◆ Instructions for the task
Starting at the top of the entries below, set down each line exactly as written, and stop after the line containing "unfold d'. destruct".

Segment Start: Records for the exercise

Lemma exists_between (ls us : list R) : (forall l u, In l ls -> In u us -> l <= u) ->
  exists t, (forall l, In l ls -> l <= t) /\ (forall u, In u us -> t <= u).
Proof.
  intros H. destruct ls as [|l0 ls].
  - exists (MinRlist us). split; [intros _ []|apply MinRlist_P1].
  - exists (MaxRlist (l0 :: ls)). split; [apply MaxRlist_P1|].
    intros u Hu. apply H; auto. apply MaxRlist_P2. exists l0; simpl; auto.
Qed.

Lemma exists_pos_lower_bound {T} (l : list T) (P : T -> Prop) (d : T -> R) :
  (forall a, In a l -> P a -> 0 < d a) -> exists e, 0 < e /\ forall a, In a l -> P a -> e <= d a.
Proof.
  intros H. set (d' := fun a => if decide (P a) then d a else 1).
  exists (MinRlist (map d' l)). split.
  - apply MinRlist_P2. intros y Hy. apply in_map_iff in Hy as [a [<- Ha]].
    unfold d'. destruct (decide (P a)); [auto|lra].
  - intros a Ha HP. replace (d a) with (d' a) by (unfold d'; destruct (decide (P a)); tauto).
    apply MinRlist_P1, in_map; auto.
Qed.

Lemma exists_uniform_bound {T} (l : list T) (P : T -> R -> Prop) :
  (forall a C C', In a l -> C <= C' -> P a C -> P a C') ->
  (forall a, In a l -> exists C, P a C) -> exists C, forall a, In a l -> P a C.
Proof.
  intros Hmono. induction l as [|a l IH]; intros H; [exists 0; intros _ []|].
  destruct (H a) as [Ca Ha]; [simpl; auto|].
  destruct IH as [C HC]; [intros; eapply Hmono; simpl; eauto|intros; apply H; simpl; auto|].
  exists (Rmax Ca C). intros b [<-|Hb].
  - eapply Hmono; [simpl; auto|apply Rmax_l|auto].
  - eapply Hmono; [simpl; auto|apply Rmax_r|auto].
Qed.

Lemma exp_le_exp x y : x <= y -> exp x <= exp y.
Proof. intros [H|H]; [left; apply exp_increasing, H|right; rewrite H; reflexivity]. Qed.

Lemma ln_le x y : 0 < x -> x <= y -> ln x <= ln y.
Proof. intros Hx [H|H]; [left; apply ln_increasing; auto|right; rewrite H; reflexivity]. Qed.

Lemma Rmult_ge_opp_abs_bound k m B : Rabs m <= B -> - (Rabs k * B) <= k * m.
Proof.
  intros Hm. enough (- (k * m) <= Rabs k * B) by lra.
  eapply Rle_trans; [apply Rle_abs|]. rewrite Rabs_Ropp, Rabs_mult.
  apply Rmult_le_compat_l; [apply Rabs_pos|exact Hm].
Qed.

Lemma exp_convex_comb {T} (l : list T) (mu y : T -> R) :
  (forall a, In a l -> 0 <= mu a) -> lsum l mu = 1 ->
  exp (lsum l (fun a => mu a * y a)) <= lsum l (fun a => mu a * exp (y a)).
Proof.
  intros Hmu H1. set (m := lsum l (fun a => mu a * y a)).
  apply Rle_trans with (lsum l (fun a => mu a * (exp m * (1 + (y a - m))))).
  - right. transitivity (exp m * lsum l (fun a => mu a + mu a * y a - m * mu a)).
    + rewrite lsum_sub, lsum_add, lsum_scal_l, H1. fold m. ring.
    + rewrite <- lsum_scal_l. apply lsum_ext. intros; ring.
  - apply lsum_le. intros a Ha. apply Rmult_le_compat_l; [auto|].
    replace (exp (y a)) with (exp m * exp (y a - m)) by (rewrite <- exp_plus; f_equal; ring).
    apply Rmult_le_compat_l; [left; apply exp_pos|apply exp_ineq1_le].
Qed.

Lemma Rpower_sublinear s eps : s < 1 -> 0 < eps ->
  exists C, 0 <= C /\ forall T, 1 <= T -> Rpower T s <= eps * T + C.
Proof.
  intros Hs Heps. set (K := - ln eps / (1 - s)).
  exists (exp (Rabs K)). split; [left; apply exp_pos|]. intros T HT. unfold Rpower.
  assert (HL : 0 <= ln T) by (rewrite <- ln_1; apply ln_le; lra).
  assert (ET : T = exp (ln T)) by (rewrite exp_ln; lra).
  set (L := ln T) in *.
  destruct (Rle_lt_dec (- ln eps) ((1 - s) * L)) as [Hbig|Hsmall].
  - assert (1 <= eps * exp ((1 - s) * L)).
    { rewrite <- (exp_ln eps) at 1 by auto. rewrite <- exp_plus, <- exp_0 at 1.
      apply exp_le_exp. lra. }
    assert (eps * T = eps * exp ((1 - s) * L) * exp (s * L))
      by (rewrite ET, Rmult_assoc, <- exp_plus; do 2 f_equal; ring).
    pose proof (exp_pos (s * L)). pose proof (exp_pos (Rabs K)). nra.
  - assert (s * L <= Rabs K).
    { apply Rle_trans with L; [nra|]. apply Rle_trans with K; [|apply Rle_abs].
      unfold K. apply Rmult_le_reg_r with (1 - s); [lra|]. unfold Rdiv.
      rewrite Rmult_assoc, Rinv_l by lra. lra. }
    assert (0 < eps * T) by (apply Rmult_lt_0_compat; lra).
    apply exp_le_exp in H. lra.
Qed.

Lemma sqr_sub_1_le_pow_even y k : (1 <= k)%nat -> y ^ 2 - 1 <= y ^ (2 * k).
Proof.
  intros Hk. rewrite pow_mult. pose proof (pow2_ge_0 y).
  destruct (Rle_lt_dec 1 (y ^ 2)) as [Hge|Hlt].
  - apply Rle_trans with (y ^ 2); [lra|]. rewrite <- (pow_1 (y ^ 2)) at 1. apply Rle_pow; auto.
  - pose proof (pow_le (y ^ 2) k H). lra.
Qed.

Definition constraint := ((nat -> R) * R)%type.

Definition lin_form (m : nat) (a u : nat -> R) : R := lsum (seq 0 m) (fun i => a i * u i).

Definition feasible (m : nat) (L : list constraint) : Prop :=
  exists u, forall k, In k L -> lin_form m (fst k) u <= snd k.

Inductive derivable (L : list constraint) : (nat -> R) -> R -> Prop :=
| der_hyp a c : In (a, c) L -> derivable L a c
| der_add a1 c1 a2 c2 : derivable L a1 c1 -> derivable L a2 c2 ->
    derivable L (fun i => a1 i + a2 i) (c1 + c2)
| der_scale k a c : 0 <= k -> derivable L a c -> derivable L (fun i => k * a i) (k * c)
| der_trivial c : 0 <= c -> derivable L (fun _ => 0) c.

Lemma lin_form_comb m a b s t u :
  lin_form m (fun i => s * a i + t * b i) u = s * lin_form m a u + t * lin_form m b u.
Proof. unfold lin_form. rewrite <- !lsum_scal_l, <- lsum_add. apply lsum_ext; intros; ring. Qed.

Lemma lin_form_S m a u : lin_form (S m) a u = lin_form m a u + a m * u m.
Proof. unfold lin_form. rewrite seq_S, lsum_app. simpl. ring. Qed.

Lemma lin_form_ext m a u v : (forall i, (i < m)%nat -> u i = v i) -> lin_form m a u = lin_form m a v.
Proof. intros H. apply lsum_ext. intros i Hi. apply in_seq in Hi. rewrite H by lia. reflexivity. Qed.

Lemma derivable_trans L L' a c : derivable L' a c ->
  (forall k, In k L' -> derivable L (fst k) (snd k)) -> derivable L a c.
Proof. induction 1; intros HL'; [apply (HL' (a, c))|apply der_add|apply der_scale|apply der_trivial]; auto. Qed.

Lemma derivable_coord_zero L m a c : derivable L a c ->
  (forall k, In k L -> fst k m = 0) -> a m = 0.
Proof.
  induction 1; intros HL; [apply (HL (a, c)); auto| |rewrite IHderivable by auto; ring|reflexivity].
  rewrite IHderivable1, IHderivable2 by auto. ring.
Qed.

Section Elimination.
Variable m : nat.

Definition zero_at (L : list constraint) := filter (fun k => if Req_EM_T (fst k m) 0 then true else false) L.
Definition pos_at (L : list constraint) := filter (fun k => if Rlt_dec 0 (fst k m) then true else false) L.
Definition neg_at (L : list constraint) := filter (fun k => if Rlt_dec (fst k m) 0 then true else false) L.

Lemma in_zero_at L k : In k (zero_at L) <-> In k L /\ fst k m = 0.
Proof. unfold zero_at. rewrite filter_In. destruct (Req_EM_T (fst k m) 0); intuition congruence. Qed.
Lemma in_pos_at L k : In k (pos_at L) <-> In k L /\ 0 < fst k m.
Proof. unfold pos_at. rewrite filter_In. destruct (Rlt_dec 0 (fst k m)); intuition congruence. Qed.
Lemma in_neg_at L k : In k (neg_at L) <-> In k L /\ fst k m < 0.
Proof. unfold neg_at. rewrite filter_In. destruct (Rlt_dec (fst k m) 0); intuition congruence. Qed.

(* for [fst p m > 0 > fst q m]: the positive combination of [p] and [q] cancelling coordinate [m] *)
Definition cancel_at (p q : constraint) : constraint :=
  ((fun i => - fst q m * fst p i + fst p m * fst q i), - fst q m * snd p + fst p m * snd q).

Definition eliminate (L : list constraint) : list constraint :=
  zero_at L ++ flat_map (fun p => map (cancel_at p) (neg_at L)) (pos_at L).

Lemma in_eliminate L k : In k (eliminate L) ->
  (In k L /\ fst k m = 0) \/
  exists p q, In p L /\ 0 < fst p m /\ In q L /\ fst q m < 0 /\ k = cancel_at p q.
Proof.
  unfold eliminate. rewrite in_app_iff, in_zero_at, in_flat_map. intros [H|[p [Hp Hk]]]; [auto|].
  apply in_map_iff in Hk as [q [<- Hq]]. apply in_pos_at in Hp. apply in_neg_at in Hq.
  right. exists p, q. tauto.
Qed.

Lemma cancel_at_in_eliminate L p q : In p L -> 0 < fst p m -> In q L -> fst q m < 0 ->
  In (cancel_at p q) (eliminate L).
Proof.
  intros. unfold eliminate. apply in_or_app. right. apply in_flat_map.
  exists p. split; [apply in_pos_at; auto|]. apply in_map, in_neg_at. auto.
Qed.

Lemma eliminate_derivable L k : In k (eliminate L) -> derivable L (fst k) (snd k).
Proof.
  intros [[Hk _]|[[ap cp] [[aq cq] [Hp [Pp [Hq [Nq ->]]]]]]]%in_eliminate; simpl in *.
  - destruct k. apply der_hyp. auto.
  - apply der_add; apply der_scale; try lra; apply der_hyp; auto.
Qed.

Lemma eliminate_coord_zero L k : In k (eliminate L) -> fst k m = 0.
Proof. intros [[_ H]|[p [q [_ [_ [_ [_ ->]]]]]]]%in_eliminate; [auto|simpl; ring]. Qed.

Segment End: Records for the exercise

◆ Response area
Lemma exists_between (ls us : list R) : (forall l u, In l ls -> In u us -> l <= u) ->
  exists t, (forall l, In l ls -> l <= t) /\ (forall u, In u us -> t <= u).
Proof.
  intros H. destruct ls as [|l0 ls].
  - exists (MinRlist us). split; [intros _ []|apply MinRlist_P1].
  - exists (MaxRlist (l0 :: ls)). split; [apply MaxRlist_P1|].
    intros u Hu. apply H; auto. apply MaxRlist_P2. exists l0; simpl; auto.
Qed.

Lemma exists_pos_lower_bound {T} (l : list T) (P : T -> Prop) (d : T -> R) :
  (forall a, In a l -> P a -> 0 < d a) -> exists e, 0 < e /\ forall a, In a l -> P a -> e <= d a.
Proof.
  intros H. set (d' := fun a => if decide (P a) then d a else 1).
  exists (MinRlist (map d' l)). split.
  - apply MinRlist_P2. intros y Hy. apply in_map_iff in Hy as [a [<- Ha]].
    unfold d'. destruct (decide (P a)); [auto|lra].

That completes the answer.